Pets are more than just animals; they’re important members of our families! September is National Preparedness Month, sponsored annually by FEMA. You can learn more about their efforts and read their preparedness suggestions at ready.gov. In the meantime, we’ve put together some resources to include your pets in your family’s disaster and emergency plans so everyone can be prepared for the unexpected.
During an emergency, having a close neighbor, friend, or relative ready to help care for or evacuate your pet should you be unavailable to do so is invaluable. Make sure this backup caretaker for your pet is familiar and comfortable with the animal (and vice-versa), and that they are aware of your pet’s feeding schedule, medications, behaviors, and habits. You should also have prepared an emergency kit or backpack for your pet that you can leave with this caretaker that includes all necessary items your pet may need.
Just like you would for yourself and your family, it’s important to have an emergency evacuation kit packed (a backpack works great!) in case you need to evacuate suddenly. Having necessary items that you can grab and either take with you or give to a friend who is caring for your pet will ensure that nothing falls through the cracks should the unexpected happen. We’ve prepared a helpful infograph and checklist for you with necessary items to include in your pack!

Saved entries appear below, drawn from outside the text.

(* Let $d_0<d_1<\cdots$ be the increasing enumeration of $\{m\ge1:\ c_m=0\}$ and $z_n=\left(\frac{d_{4n}+1}{4}-n\right)\bmod 2$ for $n\ge0$. Then for every integer $m\ge2$ and every integer $n\in\left[2^{2m},\frac43\,2^{2m}\right]$ we have $z_n=0$.
   Context: For $n\in\mathbb{N}$ let $s_2(n)$ be the sum of the binary digits of $n$ and $t_n=s_2(n)\bmod 2$ (the Prouhet–Thue–Morse sequence). Let $F(X)=\sum_{n\ge1}t_nX^n\in\mathbb{F}_2[[X]]$ and let $G(X)=\sum_{n\ge1}c_nX^n\in\mathbb{F}_2[[X]]$ be its compositional inverse, i.e. $F(G(X))=G(F(X))=X$. The $c_n$ are identified with integers in $\{0,1\}$. The sequence $(d_n)$ is indexed from $0$, so $d_0=3$, and $\frac{d_{4n}+1}{4}$ is always an integer. *)

From HB Require Import structures.
From mathcomp Require Import all_boot all_order all_algebra.
Set Implicit Arguments. Unset Strict Implicit. Unset Printing Implicit Defensive.
Import Order.TTheory GRing.Theory Num.Theory.
Local Open Scope ring_scope.

(* s_2(n): sum of binary digits of n (digit i is (n / 2^i) mod 2; digits with
   i > n vanish since 2^i > n). *)
Definition s2 (n : nat) : nat := \sum_(i < n.+1) ((n %/ 2 ^ i) %% 2).

Definition tm (n : nat) : 'F_2 := ((s2 n)%:R)%R.

Definition Ftrunc (N : nat) : {poly 'F_2} :=
  \poly_(i < N.+1) (if i == 0%N then 0%R else tm i).

Definition Gtrunc (c : nat -> 'F_2) (N : nat) : {poly 'F_2} :=
  \poly_(i < N.+1) c i.

(* c is the coefficient sequence of the compositional inverse G of F:
   G has zero constant term and F(G(X)) = G(F(X)) = X in F_2[[X]].
   Since both series have zero constant term, the coefficient of X^N of a
   composition only depends on the truncations to degree N. *)
Definition is_comp_inverse (c : nat -> 'F_2) : Prop :=
  c 0%N = 0%R /\
  (forall N : nat, (Gtrunc c N \Po Ftrunc N)`_N = ((N == 1%N)%:R)%R) /\
  (forall N : nat, (Ftrunc N \Po Gtrunc c N)`_N = ((N == 1%N)%:R)%R).

Definition is_zero_enum (c : nat -> 'F_2) (d : nat -> nat) : Prop :=
  (forall i j : nat, (i < j)%N -> (d i < d j)%N) /\
  (forall m : nat, ((1 <= m)%N /\ c m = 0%R) <-> exists n : nat, d n = m).

Definition z (d : nat -> nat) (n : nat) : int :=
  ((Posz ((d (4 * n)%N).+1 %/ 4) - Posz n) %% 2)%Z.

From HB Require Import structures.
From mathcomp Require Import all_boot all_order all_algebra.
From mathcomp Require Import ring zify.
Set Implicit Arguments. Unset Strict Implicit. Unset Printing Implicit Defensive.
Import GRing.Theory.

(* The Thue-Morse series F satisfies F(X) = (1+X) F(X^2) + X/(1+X^2) and, over F_2,
   F(X^2) = F^2, hence (1+X)^3 F^2 + (1+X)^2 F + X = 0.  Substituting X := G, with
   F(G) = X, shows that B := 1 + X + X G is a cube root of 1 + X.  The product
   M = prod_j (1 + X^(4^j)) satisfies M = (1+X) M^4, so (1+X) M^2 is another cube root of
   1 + X with constant term 1; cube roots of such series are unique, hence B = (1+X) M^2
   and, for s >= 1, c_s = 1 exactly when floor((s+1)/2) has only the digits 0 and 1 in
   base 4 (a Moser-de Bruijn number).  So the zeros of c come in pairs, and as there are
   exactly 2^(m+1) Moser-de Bruijn numbers below 2K, K = n + 2^m, and none in
   [4^(m+1)/3, 4^(m+1)), the zero d_(4n) is 4K - 1; thus z_n = 2^m mod 2 = 0.  All series
   identities are proved for truncations, modulo X^K. *)

Local Open Scope ring_scope.

Section CongruenceModXn.
Variable R : comNzRingType.
Implicit Types (p q r u : {poly R}) (K : nat).

Definition congX K p q := exists r, p = q + 'X^K * r.

Lemma congXP K p q : congX K p q <-> forall i, (i < K)%N -> p`_i = q`_i.
Proof.
split=> [[r ->] i ltiK | eq_pq]; first by rewrite coefD coefXnM ltiK addr0.
exists (drop_poly K (p - q)).
have take0 : take_poly K (p - q) = 0.
  apply/polyP=> i; rewrite coef_take_poly coef0 coefB.
  by case: ifP => // /eq_pq ->; rewrite subrr.
by rewrite mulrC -[_ * _]add0r -take0 poly_take_drop addrC subrK.
Qed.

Lemma congX_refl K p : congX K p p.
Proof. by exists 0; rewrite mulr0 addr0. Qed.

Lemma congX_sym K p q : congX K p q -> congX K q p.
Proof. by case=> r ->; exists (- r); ring. Qed.

Lemma congX_trans K p q u : congX K p q -> congX K q u -> congX K p u.
Proof. by case=> r -> [r' ->]; exists (r + r'); ring. Qed.

Lemma congX_sub0 K p q : congX K (p - q) 0 <-> congX K p q.
Proof. by split=> -[r e]; exists r; [rewrite -[p](subrK q) e | rewrite e]; ring. Qed.

Lemma congXD K p q p' q' : congX K p q -> congX K p' q' -> congX K (p + p') (q + q').
Proof. by case=> r -> [r' ->]; exists (r + r'); ring. Qed.

Lemma congXM K p q p' q' : congX K p q -> congX K p' q' -> congX K (p * p') (q * q').
Proof. by case=> r -> [r' ->]; exists (r * q' + q * r' + 'X^K * r * r'); ring. Qed.

Lemma congXX K p q n : congX K p q -> congX K (p ^+ n) (q ^+ n).
Proof.
by move=> pq; elim: n => [|n IHn]; [apply: congX_refl | rewrite !exprS; apply: congXM].
Qed.

Lemma congX_leq K K' p q : (K' <= K)%N -> congX K p q -> congX K' p q.
Proof. by move=> leK [r ->]; exists ('X^(K - K') * r); rewrite mulrA -exprD subnKC. Qed.

Lemma congX_poly K a b (f : nat -> R) : (K <= a)%N -> (K <= b)%N ->
  congX K (\poly_(i < a) f i) (\poly_(i < b) f i).
Proof.
move=> leKa leKb; apply/congXP => i ltiK.
by rewrite !coef_poly (leq_trans ltiK leKa) (leq_trans ltiK leKb).
Qed.

Lemma congX_comp_Xn K b p q :
  congX K p q -> congX (K * b) (p \Po 'X^b) (q \Po 'X^b).
Proof.
by case=> r ->; exists (r \Po 'X^b); rewrite comp_polyD comp_polyM comp_Xn_poly mulnC exprM.
Qed.

Lemma congX_comp K p p' q q' : congX K p p' -> congX K q q' -> q`_0 = 0 ->
  congX K (p \Po q) (p' \Po q').
Proof.
move=> [r ->] qq' q0; apply: (@congX_trans _ _ (p' \Po q)).
  have [s ->] : congX 1 q 0 by apply/congXP => -[|//] _; rewrite q0 coef0.
  exists (s ^+ K * (r \Po 'X * s)).
  by rewrite add0r comp_polyD comp_polyM comp_Xn_poly exprMn mulrA.
elim/poly_ind: p' => [|p' c IHp]; first by rewrite !comp_poly0; apply: congX_refl.
rewrite !comp_polyD !comp_polyM !comp_polyX !comp_polyC.
by apply: congXD; [apply: congXM | apply: congX_refl].
Qed.

Lemma congX_mul_unit K p u : u`_0 = 1 -> congX K (p * u) 0 -> congX K p 0.
Proof.
move=> u0; elim: K => [|K IHK] pu0; first by exists p; rewrite expr0 mul1r add0r.
have [r pE] := IHK (congX_leq (leqnSn K) pu0); rewrite add0r in pE.
apply/congXP => i; rewrite ltnS leq_eqVlt coef0 => /orP[/eqP-> | ltiK].
  have /congXP/(_ K (ltnSn K)) := pu0.
  by rewrite pE -mulrA !coefXnM ltnn subnn coef0M u0 mulr1 coef0.
by rewrite pE coefXnM ltiK.
Qed.

End CongruenceModXn.

Lemma coef_mul_comp_Xn (R : nzRingType) b (u p : {poly R}) i :
  (0 < b)%N -> (size u <= b)%N -> (u * (p \Po 'X^b))`_i = u`_(i %% b) * p`_(i %/ b).
Proof.
move=> b_gt0 szu; rewrite coefM (bigD1 (Ordinal (leq_ltn_trans (leq_mod i b) (ltnSn i)))) //=.
have -> : (i - i %% b = i %/ b * b)%N by rewrite {1}(divn_eq i b) addnK.
rewrite coef_comp_poly_Xn // dvdn_mull // mulnK // big1 ?addr0 // => -[j /= le_ji] /eqP neq_j.
have [ltjb|lebj] := ltnP j b; last by rewrite (leq_sizeP _ _ (leq_trans szu lebj)) // mul0r.
rewrite coef_comp_poly_Xn //; case: ifP; rewrite ?mulr0 // => /divnK dvd_ij.
case: neq_j; apply: val_inj => /=.
by rewrite -[in RHS](subnK (le_ji : (j <= i)%N)) -dvd_ij modnMDl modn_small.
Qed.

Lemma size_1X (R : nzRingType) : size (1 + 'X : {poly R}) = 2%N.
Proof. by rewrite addrC -polyC1 size_XaddC. Qed.

Lemma pchar2_polyF2 : 2 \in [pchar {poly 'F_2}].
Proof. by rewrite (pchar_poly _ 2) pchar_Fp. Qed.

Lemma two_polyF2 : 2%:R = 0 :> {poly 'F_2}.
Proof. exact: pcharf0 pchar2_polyF2. Qed.

Lemma mulr2n_polyF2 (p : {poly 'F_2}) : p *+ 2 = 0.
Proof. by rewrite -mulr_natl two_polyF2 mul0r. Qed.

Lemma sqr_polyF2 (p : {poly 'F_2}) : p ^+ 2 = p \Po 'X^2.
Proof.
elim/poly_ind: p => [|p a IHp]; first by rewrite comp_poly0 expr0n.
have a2 : a%:P ^+ 2 = a%:P by rewrite -rmorphXn; case: a => -[|[|//]] ?; congr _%:P; apply/val_inj.
rewrite comp_polyD comp_polyM comp_polyX comp_polyC -IHp -{2}a2.
ring: two_polyF2.
Qed.

Lemma geom_polyF2 N : (1 + 'X) * \poly_(i < N) 1 = 1 + 'X^N :> {poly 'F_2}.
Proof.
rewrite poly_def [1 + 'X]addrC [RHS]addrC; under eq_bigr do rewrite scale1r.
by have := subrX1 ('X : {poly 'F_2}) N; rewrite !(oppr_pchar2 pchar2_polyF2) => <-.
Qed.

Lemma congX_cube_inj K (a b : {poly 'F_2}) : a`_0 = 1 -> b`_0 = 1 ->
  congX K (a ^+ 3) (b ^+ 3) -> congX K a b.
Proof.
move=> a0 b0 /congX_sub0 ab3; apply/congX_sub0.
apply: (@congX_mul_unit _ _ _ (a ^+ 2 + a * b + b ^+ 2)).
  by rewrite !coefD !expr2 !coef0M a0 b0 !mulr1; apply/val_inj.
by have -> : (a - b) * (a ^+ 2 + a * b + b ^+ 2) = a ^+ 3 - b ^+ 3 by ring.
Qed.

Lemma s2_wide B n : (n < B)%N -> (\sum_(i < B) (n %/ 2 ^ i %% 2))%N = s2 n.
Proof.
rewrite /s2; elim: B => [//|B IHB]; rewrite ltnS leq_eqVlt => /orP[/eqP <- //|ltnB].
rewrite big_ord_recr /= IHB // divn_small ?mod0n ?addn0 //.
exact: leq_trans ltnB (ltnW (ltn_expl _ _)).
Qed.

Necessary items you should pack are:
- Food & Water
- Medications and Prescriptions
- A Crate or Carrying Case
- Copies of Vaccination & Veterinary Records *
- Animal First-Aid Kit
- Backup Leashes & Collars w/ ID Tags
- Recent Photo(s) of Your Pet
- Grooming Supplies (brushes, nail trimmers, wipes, etc.)
- Familiar Toys, Treats, Bedding, & Other Items
- Food & Water Bowls
- Poop Bags, Cat Litter, Shavings, Puppy Pads, etc.
- Your Contact & Veterinary Information
* Keeping your pet healthy and up to date on their vaccinations could help prepare you for a disaster. Many pet-friendly accommodations, shelters, and even neighbors or family members want to know that an animal is healthy before they take it in. Keep records and documents up to date and handy in case you need to grab them during an evacuation.